* [WORK ITEM]: Transcribe the data below verbatim from the line with "(* c-almost-smooth for" to the line with "(forall n (A : seq". Include both of those lines.

┄┄┄┄┄┄

(* For every $\alpha\ge1$, the function $E_{\alpha}^{*}(\cdot)$ on edge streams is $2$-almost-smooth.
   Context: Let $S=(e_1,\ldots,e_k)$ be a sequence of edges on vertex set $V=[n]$. An edge $e_i=\{u,v\}$ is $\alpha$-good with respect to $S$ if $d_i(u)\le\alpha$ and $d_i(v)\le\alpha$, where $d_i(x)=|\{e_j: j>i,\ x\in e_j\}|$ is the number of edges incident to $x$ appearing after $e_i$ in $S$. Let $E_\alpha(S)$ be the set of $\alpha$-good edges of $S$ and $E_\alpha^*(S)=\max_{t\in[k]}|E_\alpha(S_t)|$, where $S_t=(e_1,\ldots,e_t)$. For disjoint consecutive segments $A,B$, $AB$ is their concatenation. A function $f$ is $2$-almost-smooth if: (1) $f(A)\ge0$ for all $A$; (2) $f(B)\le f(AB)$ for all disjoint segments $A,B$; (3) $f(A)\le\mathrm{poly}(n)$; (4) for all disjoint consecutive segments $A,B,C$ with $f(AB)\ne0$, $f(ABC)\ne0$, $\frac{f(B)}{f(AB)}\le2\cdot\frac{f(BC)}{f(ABC)}$. *)

From HB Require Import structures.
From mathcomp Require Import all_boot all_order all_algebra.
Set Implicit Arguments. Unset Strict Implicit. Unset Printing Implicit Defensive.
Import Order.TTheory GRing.Theory Num.Theory.

Definition edge (n : nat) := {e : {set 'I_n} | #|e| == 2}.

Definition deg_after n (S : seq (edge n)) (i : nat) (x : 'I_n) : nat :=
  count (fun e : edge n => x \in val e) (drop i.+1 S).

(* the edge e sitting at (0-based) position i of S is alpha-good *)
Definition good_at n (alpha : nat) (S : seq (edge n)) (i : nat) (e : edge n) : bool :=
  [forall x in val e, deg_after S i x <= alpha].

Definition E_good n (alpha : nat) (S : seq (edge n)) : {set {set 'I_n}} :=
  [set e : {set 'I_n} | e \in
     [seq val ie.2 | ie <- zip (iota 0 (size S)) S & good_at alpha S ie.1 ie.2]].

(* E*_alpha(S) = max_{t in [k]} |E_alpha(S_t)|, S_t = (e_1,...,e_t); 0 if S empty *)
Definition E_star n (alpha : nat) (S : seq (edge n)) : nat :=
  \max_(t < size S) #|E_good alpha (take t.+1 S)|.

(* c-almost-smooth for a (nat-valued, hence nonnegative) function f defined on
   edge streams over [n], for every n. Segments are arbitrary edge sequences,
   AB is concatenation. *)
Definition almost_smooth (c : rat) (f : forall n, seq (edge n) -> nat) : Prop :=
  (forall n (A : seq (edge n)), (0 <= (f n A)%:R :> rat)%R) /\
  (forall n (A B : seq (edge n)), f n B <= f n (A ++ B)) /\
  (exists a d : nat, forall n (A : seq (edge n)), f n A <= a * n ^ d) /\
  (forall n (A B C : seq (edge n)),
      f n (A ++ B) != 0 -> f n (A ++ B ++ C) != 0 ->
      ((f n B)%:R / (f n (A ++ B))%:R <= c * ((f n (B ++ C))%:R / (f n (A ++ B ++ C))%:R) :> rat)%R).

(* An edge occurrence is good in a stream depending only on the edges after
   it, so a good edge of B stays good in AB, and E*(B) <= E*(AB); since E* is
   a maximum over prefixes, also E*(B) <= E*(BC).  A good edge of a prefix of
   XY lies either in X, where it has no more later edges than in XY, or in the
   corresponding prefix of Y; hence E*(XY) <= E*(X) + E*(Y).  With these three
   facts, E*(B) E*(ABC) <= E*(B) (E*(AB) + E*(C)) <= 2 E*(BC) E*(AB). *)

From mathcomp Require Import all_boot all_order all_algebra.
From mathcomp Require Import zify.
Set Implicit Arguments. Unset Strict Implicit. Unset Printing Implicit Defensive.
Import Order.TTheory GRing.Theory Num.Theory.

Section ZipIota.
Variable T : Type.
Implicit Types X Y : seq T.

Lemma zip_iota_shift Y m k :
  zip (iota (m + k) (size Y)) Y =
  [seq (m + p.1, p.2) | p <- zip (iota k (size Y)) Y].
Proof. by elim: Y k => [|y Y IH] k //=; rewrite -addnS IH. Qed.

Lemma zip_iota_cat X Y :
  zip (iota 0 (size (X ++ Y))) (X ++ Y) =
  zip (iota 0 (size X)) X ++
  [seq (size X + p.1, p.2) | p <- zip (iota 0 (size Y)) Y].
Proof.
rewrite size_cat iotaD zip_cat ?size_iota // add0n.
by rewrite -[in iota (size X) _](addn0 (size X)) zip_iota_shift.
Qed.

End ZipIota.

Lemma bin2_leq_sqr n : 'C(n, 2) <= n ^ 2.
Proof.
rewrite bin2 leq_half_double; apply: leq_trans (leqnSn _).
rewrite -mul2n expnS expn1; apply: leq_trans (leq_pmull _ _) => //.
by rewrite leq_mul2l leq_pred orbT.
Qed.

Section GoodEdges.
Variables n alpha : nat.
Implicit Types S X Y : seq (edge n).

Lemma deg_after_catl X Y i x : deg_after X i x <= deg_after (X ++ Y) i x.
Proof.
rewrite /deg_after drop_cat; case: ifP => hi; first by rewrite count_cat leq_addr.
by rewrite drop_oversize // leqNgt hi.
Qed.

Lemma deg_after_catr X Y j x :
  deg_after (X ++ Y) (size X + j) x = deg_after Y j x.
Proof.
by rewrite /deg_after -addnS drop_cat ltnNge leq_addr /= addKn.
Qed.

Lemma good_at_catl X Y i e :
  good_at alpha (X ++ Y) i e -> good_at alpha X i e.
Proof.
move=> /forall_inP good_e; apply/forall_inP => x xe.
exact: leq_trans (deg_after_catl X Y i x) (good_e x xe).
Qed.

Lemma good_at_catr X Y j e :
  good_at alpha (X ++ Y) (size X + j) e = good_at alpha Y j e.
Proof.
by apply: eq_forallb => x; rewrite deg_after_catr.
Qed.

Lemma E_good_cat_subset X Y :
  E_good alpha (X ++ Y) \subset E_good alpha X :|: E_good alpha Y.
Proof.
apply/subsetP => E; rewrite !inE => /mapP [[i e]].
rewrite mem_filter zip_iota_cat mem_cat /= => /andP [good_e /orP []] ie ->.
  apply/orP; left; apply/mapP; exists (i, e) => //.
  by rewrite mem_filter (good_at_catl good_e).
case/mapP: ie good_e => [[j e'] je [-> ->]] good_e.
apply/orP; right; apply/mapP; exists (j, e') => //.
by rewrite mem_filter -(good_at_catr X) good_e.
Qed.

Lemma E_good_suffix_subset X Y : E_good alpha Y \subset E_good alpha (X ++ Y).
Proof.
apply/subsetP => E; rewrite !inE => /mapP [[j e]].
rewrite mem_filter /= => /andP [good_e je] ->.
apply/mapP; exists (size X + j, e) => //.
rewrite mem_filter /= good_at_catr good_e zip_iota_cat mem_cat.
by apply/orP; right; apply/mapP; exists (j, e).
Qed.

Lemma E_good_nil : E_good alpha ([::] : seq (edge n)) = set0.
Proof. by apply/setP => e; rewrite !inE. Qed.

Lemma card_E_good_leq S : #|E_good alpha S| <= 'C(n, 2).
Proof.
rewrite -[n in 'C(n, _)]card_ord -card_draws subset_leq_card //.
by apply/subsetP => E; rewrite !inE => /mapP [[i e] _ ->]; apply: (valP e).
Qed.

Lemma card_E_good_take_leq S t :
  t <= size S -> #|E_good alpha (take t S)| <= E_star alpha S.
Proof.
case: t => [|t] lt_t_S; first by rewrite take0 E_good_nil cards0.
exact: (leq_bigmax_cond (F := fun i : 'I_(size S) => #|E_good alpha (take i.+1 S)|)
                        (Ordinal lt_t_S)).
Qed.

Lemma E_star_leq S : E_star alpha S <= 'C(n, 2).
Proof. by apply/bigmax_leqP => i _; apply: card_E_good_leq. Qed.

Lemma E_star_prefix X Y : E_star alpha X <= E_star alpha (X ++ Y).
Proof.
apply/bigmax_leqP => i _; have lt_i_X := ltn_ord i.
rewrite -(takel_cat Y lt_i_X); apply: card_E_good_take_leq.
by rewrite size_cat; lia.
Qed.

Lemma E_star_suffix X Y : E_star alpha Y <= E_star alpha (X ++ Y).
Proof.
apply/bigmax_leqP => i _; have lt_i_Y := ltn_ord i.
apply: leq_trans (subset_leq_card (E_good_suffix_subset X _)) _.
have -> : X ++ take i.+1 Y = take (size X + i.+1) (X ++ Y).
  by rewrite take_cat ltnNge leq_addr /= addKn.
by apply: card_E_good_take_leq; rewrite size_cat; lia.
Qed.

Lemma E_star_cat X Y : E_star alpha (X ++ Y) <= E_star alpha X + E_star alpha Y.
Proof.
apply/bigmax_leqP => i _; have lt_i_XY : i < size X + size Y by rewrite -size_cat.
rewrite take_cat; case: ifP => lt_i_X.
  exact: leq_trans (card_E_good_take_leq (ltnW lt_i_X)) (leq_addr _ _).
apply: leq_trans (subset_leq_card (E_good_cat_subset _ _)) _.
apply: leq_trans (leq_card_setU _ _) _.
apply: leq_add; last by apply: card_E_good_take_leq; lia.
by rewrite -{1}(take_size X); apply: card_E_good_take_leq.
Qed.

End GoodEdges.

Lemma ratio_leq2_subadditive (b ab bc c abc : nat) :
  b <= ab -> b <= bc -> c <= bc -> abc <= ab + c -> ab != 0 -> abc != 0 ->
  (b%:R / ab%:R <= 2%R * (bc%:R / abc%:R) :> rat)%R.
Proof.
move=> b_ab b_bc c_bc abc_ab_c ab0 abc0.
have key : b * abc <= 2 * bc * ab.
  apply: leq_trans (leq_mul (leqnn b) abc_ab_c) _.
  rewrite mulnDr -mulnA mul2n -addnn.
  apply: leq_add; first exact: leq_mul.
  by rewrite [bc * ab]mulnC leq_mul.
rewrite ler_pdivrMr ?ltr0n ?lt0n // mulrA mulrAC ler_pdivlMr ?ltr0n ?lt0n //.
by rewrite -!natrM ler_nat.
Qed.

Lemma almost_smooth2_subadditive (f : forall n, seq (edge n) -> nat) :
  (forall n (A B : seq (edge n)), f n A <= f n (A ++ B)) ->
  (forall n (A B : seq (edge n)), f n B <= f n (A ++ B)) ->
  (forall n (A B : seq (edge n)), f n (A ++ B) <= f n A + f n B) ->
  (exists a d : nat, forall n (A : seq (edge n)), f n A <= a * n ^ d) ->
  almost_smooth 2%R f.
Proof.
move=> f_prefix f_suffix f_cat f_poly.
split; first by move=> n A; rewrite ler0n.
split; first exact: f_suffix.
split; first exact: f_poly.
move=> n A B C; apply: ratio_leq2_subadditive.
- exact: f_suffix.
- exact: f_prefix.
- exact: f_suffix.
- by rewrite catA f_cat.
Qed.

Theorem lemma3p3 (alpha : nat) :
  1 <= alpha -> almost_smooth 2%R (fun n => @E_star n alpha).
Proof.
(* The argument works for every alpha, including 0. *)
move=> _; apply: almost_smooth2_subadditive.
- by move=> n A B; apply: E_star_prefix.
- by move=> n A B; apply: E_star_suffix.
- by move=> n A B; apply: E_star_cat.
- exists 1, 2 => n A; rewrite mul1n.
  exact: leq_trans (E_star_leq _ _) (bin2_leq_sqr n).
Qed.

┄┄┄┄┄┄

* [EXPECTED OUTPUT]:
(* c-almost-smooth for a (nat-valued, hence nonnegative) function f defined on
   edge streams over [n], for every n. Segments are arbitrary edge sequences,
   AB is concatenation. *)
Definition almost_smooth (c : rat) (f : forall n, seq (edge n) -> nat) : Prop :=
  (forall n (A : seq (edge n)), (0 <= (f n A)%:R :> rat)%R) /\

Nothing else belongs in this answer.